* **The problem**
Going through the lines below, tally those that include "esym", and give only the number.
:: Data to examine ::
Lemma near_translates_in K (Z B : set T) f : compact K -> open Z -> open B ->
  bisection G B -> B f -> (forall k, K k -> s k = r f -> Z (mul k f)) ->
  \forall w \near s f, forall a, B a -> s a = w ->
    forall k, K k -> s k = r a -> Z (mul k a).
Proof.
move=> cK oZ oB bB Bf KZ; have [Q [Qf HQ]] := tube_mul cK oZ KZ.
apply: filterS (near_src_bisection oB bB Bf Qf) => w h a Ba sa k Kk ska.
exact: HQ (h a Ba sa) Kk ska.
Qed.

End EtaleTopology.

Section FolnerSets.
Context {T : topologicalType} (G : groupoid T).
Local Notation s := (gsrc G).
Local Notation r := (grng G).
Local Notation mul := (gmul G).

Definition boundary (K A : set T) : set T := setmul G K A `\` A.

Definition folner_fset (K : set T) (d : R) (E : {fset T}) : Prop :=
  exists X : {fset T}, [set` X] = boundary K [set` E] /\
    (#|` X|%:R <= d * #|` E|%:R)%R.

Lemma folner_fset0 K d : folner_fset K d fset0.
Proof.
exists fset0; rewrite cardfs0 mulr0; split => //.
by rewrite set_fset0; apply/seteqP; split => // y [[k [x [_ []]]]].
Qed.

Lemma folner_fsetU K d E1 E2 : folner_fset K d E1 -> folner_fset K d E2 ->
  (E1 `&` E2 = fset0)%fset -> folner_fset K d (E1 `|` E2)%fset.
Proof.
move=> [X1 [h1 c1]] [X2 [h2 c2]] E12.
have cov : boundary K [set` (E1 `|` E2)%fset] `<=`
    [set y | exists2 k, k \in enum_fset X1 ++ enum_fset X2 & [set k] y].
  move=> y [[k [x [Kk Ex skx ->]]] nE]; exists (mul k x) => //.
  rewrite mem_cat; apply/orP; move: Ex; rewrite /= in_fsetU => /orP[xE|xE].
    left; have : [set` X1] (mul k x); last by [].
    rewrite h1; split; first by exists k, x.
    by move=> /= h; apply: nE; rewrite /= in_fsetU h.
  right; have : [set` X2] (mul k x); last by [].
  rewrite h2; split; first by exists k, x.
  by move=> /= h; apply: nE; rewrite /= in_fsetU h orbT.
have [X [hX cX]] := card_le_cover cov
  (fun k y y' (h : [set k] y) (h' : [set k] y') _ _ => etrans h (esym h')).
exists X; split => //.
rewrite cardfsU E12 cardfs0 subn0 natrD mulrDr; apply: le_trans (lerD c1 c2).
by rewrite -natrD ler_nat -size_cat.
Qed.

Hypotheses (HA : groupoid_axioms G) (HP : principal G).

Lemma folner_fset_src_fiber K (d : R) (E : {fset T}) u : (0 <= d)%R ->
  [set` E] = [set g | s g = u] -> folner_fset K d E.
Proof.
move=> d0 hE; have sE x : [set` E] x -> s x = u by rewrite hE.
exists fset0; split; last by rewrite cardfs0 mulr_ge0.
rewrite set_fset0; apply/seteqP; split => // y [[k [x [_ Ex skx ->]]] nE]; apply: nE.
by rewrite hE /= (src_mul HA skx); exact: sE.
Qed.

(* Right translation by [g] is injective on arrows ending at [r g] and maps
   the boundary of [F] onto the boundary of [F g]. *)
Lemma folner_fset_translate K d (F : {fset T}) g :
  (forall x, x \in F -> s x = r g) -> folner_fset K d F ->
  let E := [fset mul f g | f in F]%fset in
  [/\ folner_fset K d E, #|` E| = #|` F| & forall x, x \in E -> s x = s g].
Proof.
move=> sF [X [hX cX]] E.
have inj : {in F &, injective (fun f => mul f g)}.
  move=> f f' fF f'F /= e; apply: (eq_src_rng HA HP); first by rewrite !sF.
  by rewrite -(rng_mul HA (sF _ fF)) e (rng_mul HA (sF _ f'F)).
have cE : #|` E| = #|` F| by rewrite /E card_in_imfset.
split => //; last by move=> x /imfsetP[f fF ->]; rewrite (src_mul HA (sF _ fF)).
have cov : boundary K [set` E] `<=`
    [set y | exists2 k, k \in enum_fset X & [set mul k g] y].
  move=> y [[k [_ [Kk /imfsetP[f fF ->] skx ->]]] nE].
  have sf := sF _ fF; have skf : s k = r f by rewrite skx (rng_mul HA sf).
  exists (mul k f); last by rewrite /= (gmulA HA skf sf).
  have : [set` X] (mul k f); last by [].
  rewrite hX; split; first by exists k, f.
  move=> /= kfF; apply: nE => /=; apply/imfsetP; exists (mul k f) => //.
  by rewrite (gmulA HA skf sf).
have [Y [hY cY]] := card_le_cover cov (fun k y y' (h : [set mul k g] y)
  (h' : [set mul k g] y') _ _ => etrans h (esym h')).
by exists Y; split => //; rewrite cE; apply: le_trans cX; rewrite ler_nat.
Qed.
(* Let $(\mathbf W^B,\mathbf W^E)=(\{W^{B,n}\},\{W^{E,n}\})$ be a general sequence of wire-tap channels, $W^{B,n}$ from $\mathcal X^n$ to $\mathcal Y^n$ and $W^{E,n}$ from $\mathcal X^n$ to $\mathcal Z^n$. Then $$C_d(\mathbf W^B,\mathbf W^E)\le\sup_{\mathbf p,\mathbf Q}\big\{\underline I(1|\mathbf p,\mathbf W^B\mathbf Q)-\overline I(0|\mathbf p,\mathbf W^E\mathbf Q)\big\},$$ $$C_I(\mathbf W^B,\mathbf W^E)\le\sup_{\mathbf p,\mathbf Q}\big\{\underline I(1|\mathbf p,\mathbf W^B\mathbf Q)-\overline I(0|\mathbf p,\mathbf W^E\mathbf Q)\big\},$$ where the suprema range over all sequences of sets $\tilde{\mathcal X}^n$, all sequences $\mathbf Q=\{Q^n\}$ of channels from $\tilde{\mathcal X}^n$ to $\mathcal X^n$, and all sequences $\mathbf p=\{p^n\}$ of distributions on $\tilde{\mathcal X}^n$.
   Context: Channels are maps $x\mapsto W_x$ into probability distributions on a finite or countable output set; $W_p(y)=\sum_xp(x)W_x(y)$. For $\mathbf W=\{W^n\}$ and $\mathbf Q=\{Q^n\}$, $\mathbf W\mathbf Q=\{W^nQ^n\}$ with $(W^nQ^n)_{\tilde x}(y):=\sum_{x\in\mathcal X^n}W^n_x(y)Q^n_{\tilde x}(x)$. A wire-tap code $\Phi=(M,\{Q_i\},\{\mathcal D_i\})$ for $(W^B,W^E)$: input distributions $Q_1,\dots,Q_M$, pairwise disjoint decoding sets $\mathcal D_i$ for the main receiver; $|\Phi|=M$, $\epsilon_B(\Phi)=\frac1M\sum_iW^B_{Q_i}(\mathcal D_i^c)$, $I_E(\Phi)=\sum_i\frac1MD(W^E_{Q_i}\|W^E_\Phi)$ with $W^E_\Phi=\frac1M\sum_iW^E_{Q_i}$, $d_E(\Phi)=\frac1{M(M-1)}\sum_{i\ne j}\sum_z|W^E_{Q_i}(z)-W^E_{Q_j}(z)|$. $C_d(\mathbf W^B,\mathbf W^E):=\sup\{\liminf_n\frac1n\log|\Phi_n|\}$ over sequences of wire-tap codes with $\epsilon_B(\Phi_n)\to0$, $d_E(\Phi_n)\to0$; $C_I$ the same with $I_E(\Phi_n)/n\to0$ instead of $d_E(\Phi_n)\to0$. $\overline I(\epsilon|\mathbf p,\mathbf W):=\inf\{a:\limsup_n\mathrm{E}_{p^n}W^n_x\{y:\frac1n\log\frac{W^n_x(y)}{W^n_{p^n}(y)}>a\}\le\epsilon\}$, $\underline I(\epsilon|\mathbf p,\mathbf W):=\inf\{a:\liminf_n\mathrm{E}_{p^n}W^n_x\{y:\frac1n\log\frac{W^n_x(y)}{W^n_{p^n}(y)}>a\}\le\epsilon\}$, with ''$\le\epsilon$'' replaced by ''$<1$'' when $\epsilon=1$. *)

From HB Require Import structures.
From mathcomp Require Import all_boot all_order all_algebra.
From mathcomp Require Import all_classical all_reals all_analysis.
Set Implicit Arguments. Unset Strict Implicit. Unset Printing Implicit Defensive.
Import Order.TTheory GRing.Theory Num.Theory numFieldNormedType.Exports.
Local Open Scope classical_set_scope.
Local Open Scope ring_scope.

Section Defs.
Variable R : realType.

Definition is_dist (T : countType) (p : T -> R) : Prop :=
  (forall x, 0 <= p x) /\ (\esum_(x in [set: T]) (p x)%:E = 1)%E.

Definition is_channel (X Y : countType) (W : X -> Y -> R) : Prop :=
  forall x, is_dist (W x).

Definition out_dist (X Y : countType) (W : X -> Y -> R) (p : X -> R) (y : Y) : R :=
  fine (\esum_(x in [set: X]) (p x * W x y)%:E)%E.

Definition chcomp (Xt X Y : countType) (W : X -> Y -> R) (Q : Xt -> X -> R)
  : Xt -> Y -> R :=
  fun xt y => fine (\esum_(x in [set: X]) (W x y * Q xt x)%:E)%E.

Definition divergence (Z : countType) (P Q : Z -> R) : \bar R :=
  if `[< exists z, 0 < P z /\ Q z = 0 >] then +oo%E else
  (\esum_(z in [set: Z]) (Num.max (P z * ln (P z / Q z)) 0)%:E
   - \esum_(z in [set: Z]) (Num.max (- (P z * ln (P z / Q z))) 0)%:E)%E.

Record wtcode (X Y : countType) := WTCode {
  wt_M : nat;
  wt_M_gt0 : (0 < wt_M)%N;
  wt_Q : 'I_wt_M -> X -> R;
  wt_Q_dist : forall i, is_dist (wt_Q i);
  wt_D : 'I_wt_M -> set Y;
  wt_D_disj : forall i j, i != j -> wt_D i `&` wt_D j = set0
}.
Arguments wt_M {X Y} w : rename.
Arguments wt_Q {X Y} w _ : rename.
Arguments wt_D {X Y} w _ : rename.

Variables (X Y Z : countType).

Definition eps_B (WB : X -> Y -> R) (c : wtcode X Y) : R :=
  (wt_M c)%:R^-1 * \sum_(i < wt_M c)
     fine (\esum_(y in ~` (wt_D c i)) (out_dist WB (wt_Q c i) y)%:E)%E.

Definition code_out (WE : X -> Z -> R) (c : wtcode X Y) (z : Z) : R :=
  (wt_M c)%:R^-1 * \sum_(i < wt_M c) out_dist WE (wt_Q c i) z.

Definition I_E (WE : X -> Z -> R) (c : wtcode X Y) : \bar R :=
  (\sum_(i < wt_M c) ((wt_M c)%:R^-1)%:E *
     divergence (out_dist WE (wt_Q c i)) (code_out WE c))%E.

Definition d_E (WE : X -> Z -> R) (c : wtcode X Y) : R :=
  ((wt_M c * (wt_M c).-1)%:R)^-1 *
  \sum_(i < wt_M c) \sum_(j < wt_M c | i != j)
     fine (\esum_(z in [set: Z])
        (`|out_dist WE (wt_Q c i) z - out_dist WE (wt_Q c j) z|)%:E)%E.

End Defs.

Section Cap.
Variable R : realType.
Variables (X Y Z : nat -> countType).

Definition code_rate (c : forall n, wtcode R (X n) (Y n)) : \bar R :=
  limn_einf (fun n => ((n%:R)^-1 * ln ((wt_M (c n))%:R) : R)%:E).

Definition C_d (WB : forall n, X n -> Y n -> R) (WE : forall n, X n -> Z n -> R)
  : \bar R :=
  ereal_sup [set l | exists c : forall n, wtcode R (X n) (Y n),
     (fun n => eps_B (WB n) (c n)) @ \oo --> (0:R) /\
     (fun n => d_E (WE n) (c n)) @ \oo --> (0:R) /\
     l = code_rate c].

Definition C_I (WB : forall n, X n -> Y n -> R) (WE : forall n, X n -> Z n -> R)
  : \bar R :=
  ereal_sup [set l | exists c : forall n, wtcode R (X n) (Y n),
     (fun n => eps_B (WB n) (c n)) @ \oo --> (0:R) /\
     (fun n => (I_E (WE n) (c n) * ((n%:R)^-1)%:E)%E) @ \oo --> 0%E /\
     l = code_rate c].
End Cap.

Section Spectrum.
Variable R : realType.
Variables (X Y : nat -> countType).

Definition spec_prob (p : forall n, X n -> R) (W : forall n, X n -> Y n -> R)
  (a : R) (n : nat) : \bar R :=
  (\esum_(x in [set: X n]) (p n x)%:E *
     \esum_(y in [set: Y n])
       (if a < (n%:R)^-1 * ln (W n x y / out_dist (W n) (p n) y)
        then W n x y else 0)%:E)%E.

Definition I_over (eps : R) (p : forall n, X n -> R) (W : forall n, X n -> Y n -> R)
  : \bar R :=
  ereal_inf [set a%:E | a in [set a : R |
     if eps == 1 then (limn_esup (spec_prob p W a) < 1%:E)%E
     else (limn_esup (spec_prob p W a) <= eps%:E)%E]].

Definition I_under (eps : R) (p : forall n, X n -> R) (W : forall n, X n -> Y n -> R)
  : \bar R :=
  ereal_inf [set a%:E | a in [set a : R |
     if eps == 1 then (limn_einf (spec_prob p W a) < 1%:E)%E
     else (limn_einf (spec_prob p W a) <= eps%:E)%E]].
End Spectrum.

Definition secrecy_bound (R : realType) (X Y Z : nat -> countType)
  (WB : forall n, X n -> Y n -> R) (WE : forall n, X n -> Z n -> R) : \bar R :=
  ereal_sup [set v | exists (Xt : nat -> countType)
      (Q : forall n, Xt n -> X n -> R) (p : forall n, Xt n -> R),
      (forall n, is_channel (Q n)) /\ (forall n, is_dist (p n)) /\
      v = (I_under 1 p (fun n => chcomp (WB n) (Q n))
           - I_over 0 p (fun n => chcomp (WE n) (Q n)))%E].

From HB Require Import structures.
From mathcomp Require Import all_boot all_order all_algebra.
From mathcomp Require Import all_classical all_reals all_analysis.
From mathcomp Require Import ring lra zify.
Set Implicit Arguments. Unset Strict Implicit. Unset Printing Implicit Defensive.
Import Order.TTheory GRing.Theory Num.Theory numFieldNormedType.Exports.
Local Open Scope classical_set_scope.
Local Open Scope ring_scope.

(* Take the message set of a good code as the auxiliary input alphabet, its
   encoder as [Q^n] and the uniform distribution as [p^n].  Splitting each
   [W^B_(Q_i)] over the set where the information density exceeds [n a], the
   complement of the decoding set [D_i], and the rest of [D_i] (where
   [W^B_(Q_i) <= e^(n a) W^B_p]) gives the Verdu-Han bound
   [E_p W^B {i > n a} >= 1 - eps_B - e^(n a) / M]; hence every [a] below the
   rate has spectrum tending to 1, and the rate is at most
   [I_under(1 | p, W^B Q)].  On the eavesdropper side, for [a > 0] the
   spectrum [E_p W^E {i > n a}] is at most [2 d_E] once [e^(n a) >= 2], and
   at most [(I_E + 1) / (n a)] because [D(W^E_(Q_i) || W^E_p)] is at least
   [n a W^E_(Q_i) {i > n a} - 1]; so it vanishes and [I_over(0 | p, W^E Q)]
   is at most 0. *)

Section NonnegSums.
Variable R : realType.
Local Open Scope ereal_scope.

Lemma esumZl (T : choiceType) (S : set T) (r : R) (a : T -> \bar R) :
  (0 <= r)%R -> (forall x, 0 <= a x) ->
  \esum_(i in S) (r%:E * a i) = r%:E * \esum_(i in S) a i.
Proof.
move=> r0 a0; rewrite /esum -ereal_supZl//; last first.
  by apply/set0P; exists 0, set0; [exact: fsets_set0 | rewrite fsbig_set0].
congr ereal_sup; apply/seteqP; split=> x.
- by move=> [A fA <-]; exists (\sum_(i \in A) a i); [exists A | rewrite ge0_mule_fsumr].
- by move=> [_ [A fA <-] <-]; exists A => //; rewrite ge0_mule_fsumr.
Qed.

Lemma esum_swap (T1 T2 : choiceType) (a : T1 -> T2 -> \bar R) :
  (forall i j, 0 <= a i j) ->
  \esum_(i in [set: T1]) \esum_(j in [set: T2]) a i j =
  \esum_(j in [set: T2]) \esum_(i in [set: T1]) a i j.
Proof.
move=> a0; rewrite !(@esum_esum _ _ _ _ (fun=> setT))//.
rewrite (reindex_esum ([set: T2] `*`` (fun=> [set: T1])) _ (fun x => (x.2, x.1)))//.
split=> //= [[i1 i2] [j1 j2] _ _ [-> ->] // | [i1 i2] _].
by exists (i2, i1).
Qed.

Lemma esum_setT_fin (T : finType) (F : T -> \bar R) :
  (forall i, 0 <= F i) -> \esum_(i in [set: T]) F i = \sum_(i : T) F i.
Proof.
move=> F0; rewrite esum_fset //; last exact: finite_finset.
rewrite -big_enum /= [RHS]fsbig_seq ?enum_uniq //; apply: eq_fsbigl.
by apply/seteqP; split => x //= _; rewrite mem_enum.
Qed.

Lemma le_esum_setT (T : choiceType) (S : set T) (f : T -> \bar R) :
  (forall y, 0 <= f y) -> \esum_(y in S) f y <= \esum_(y in [set: T]) f y.
Proof. by move=> f0; rewrite esum_mkcond; apply: le_esum => y _; case: ifP. Qed.

Lemma le_term_esum (T : choiceType) (f : T -> \bar R) x :
  (forall y, 0 <= f y) -> f x <= \esum_(y in [set: T]) f y.
Proof. by move=> f0; rewrite -esum_set1 //; exact: le_esum_setT. Qed.

Lemma esum_EFin_mkcond (T : choiceType) (S : set T) (f : T -> R) :
  \esum_(y in S) (f y)%:E = \esum_(y in [set: T]) (if y \in S then f y else 0)%:E.
Proof. by rewrite esum_mkcond; apply: eq_esum => y _; case: ifP. Qed.

Lemma esum_dominatedE (T : choiceType) (S : set T) (f g : T -> R) (C : R) :
  (forall y, 0 <= f y <= g y)%R -> \esum_(y in [set: T]) (g y)%:E = C%:E ->
  \esum_(y in S) (f y)%:E = (fine (\esum_(y in S) (f y)%:E))%:E /\
  (0 <= fine (\esum_(y in S) (f y)%:E) <= C)%R.
Proof.
move=> fg gC.
have f0 y : 0 <= (f y)%:E by rewrite lee_fin; case/andP: (fg y).
have e0 : 0 <= \esum_(y in S) (f y)%:E by exact: esum_ge0.
have eC : \esum_(y in S) (f y)%:E <= C%:E.
  rewrite -gC (le_trans (le_esum_setT _ f0)) //.
  by apply: le_esum => y _; rewrite lee_fin; case/andP: (fg y).
have /fineK E : \esum_(y in S) (f y)%:E \is a fin_num.
  by rewrite ge0_fin_numE // (le_lt_trans eC) ?ltry.
by split => //; rewrite -!lee_fin E e0 eC.
Qed.

End NonnegSums.

Section Distributions.
Variable R : realType.
Implicit Types (T X Y : countType).

Lemma dist_ge0 T (q : T -> R) : is_dist q -> forall x, 0 <= q x.
Proof. by case. Qed.

Lemma dist_le1 T (q : T -> R) : is_dist q -> forall x, q x <= 1.
Proof.
move=> [q0 q1] x; rewrite -lee_fin -q1.
by apply: le_term_esum => y; rewrite lee_fin.
Qed.

Lemma out_distE X Y (W : X -> Y -> R) (q : X -> R) y :
  is_channel W -> is_dist q ->
  (out_dist W q y)%:E = (\esum_(x in [set: X]) (q x * W x y)%:E)%E.
Proof.
move=> hW hq; apply/esym/(esum_dominatedE _ (g := q) _ hq.2).1 => x.
by rewrite mulr_ge0 ?ler_piMr ?dist_ge0 ?(dist_le1 (hW x)).
Qed.

Lemma out_dist_is_dist X Y (W : X -> Y -> R) (q : X -> R) :
  is_channel W -> is_dist q -> is_dist (out_dist W q).
Proof.
move=> hW hq; have Wq0 x y : (0 <= (q x * W x y)%:E)%E.
  by rewrite lee_fin mulr_ge0 ?dist_ge0 ?(dist_ge0 (hW x)).
split=> [y|]; first by rewrite -lee_fin out_distE //; exact: esum_ge0.
rewrite (eq_esum (fun y _ => out_distE y hW hq)) -esum_swap // -hq.2.
apply: eq_esum => x _; under eq_esum do rewrite EFinM.
by rewrite esumZl ?dist_ge0 ?(hW x).2 ?mule1 // => y; rewrite lee_fin (dist_ge0 (hW x)).
Qed.

Lemma chcompE T X Y (W : X -> Y -> R) (Q : T -> X -> R) t y :
  chcomp W Q t y = out_dist W (Q t) y.
Proof. by rewrite /chcomp /out_dist; congr fine; apply: eq_esum => x _; rewrite mulrC. Qed.

Lemma chcomp_is_channel T X Y (W : X -> Y -> R) (Q : T -> X -> R) :
  is_channel W -> is_channel Q -> is_channel (chcomp W Q).
Proof.
move=> hW hQ t; have -> : chcomp W Q t = out_dist W (Q t).
  by apply/funext => y; rewrite chcompE.
exact: out_dist_is_dist.
Qed.

End Distributions.

Definition unif (R : realType) (M : nat) : 'I_M -> R := fun=> M%:R^-1.
Arguments unif : clear implicits.

Lemma unif_is_dist (R : realType) (M : nat) : (0 < M)%N -> is_dist (unif R M).
Proof.
move=> M0; split=> [i|]; first by rewrite /unif invr_ge0.
rewrite esum_setT_fin => [|i]; last by rewrite lee_fin /unif invr_ge0.
by rewrite sumEFin sumr_const card_ord /unif -(mulr_natr M%:R^-1) mulVf ?pnatr_eq0 -?lt0n.
Qed.

Section LogRatio.
Variable R : realType.
Implicit Types s a u v : R.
:::
* **Finished exercise**
3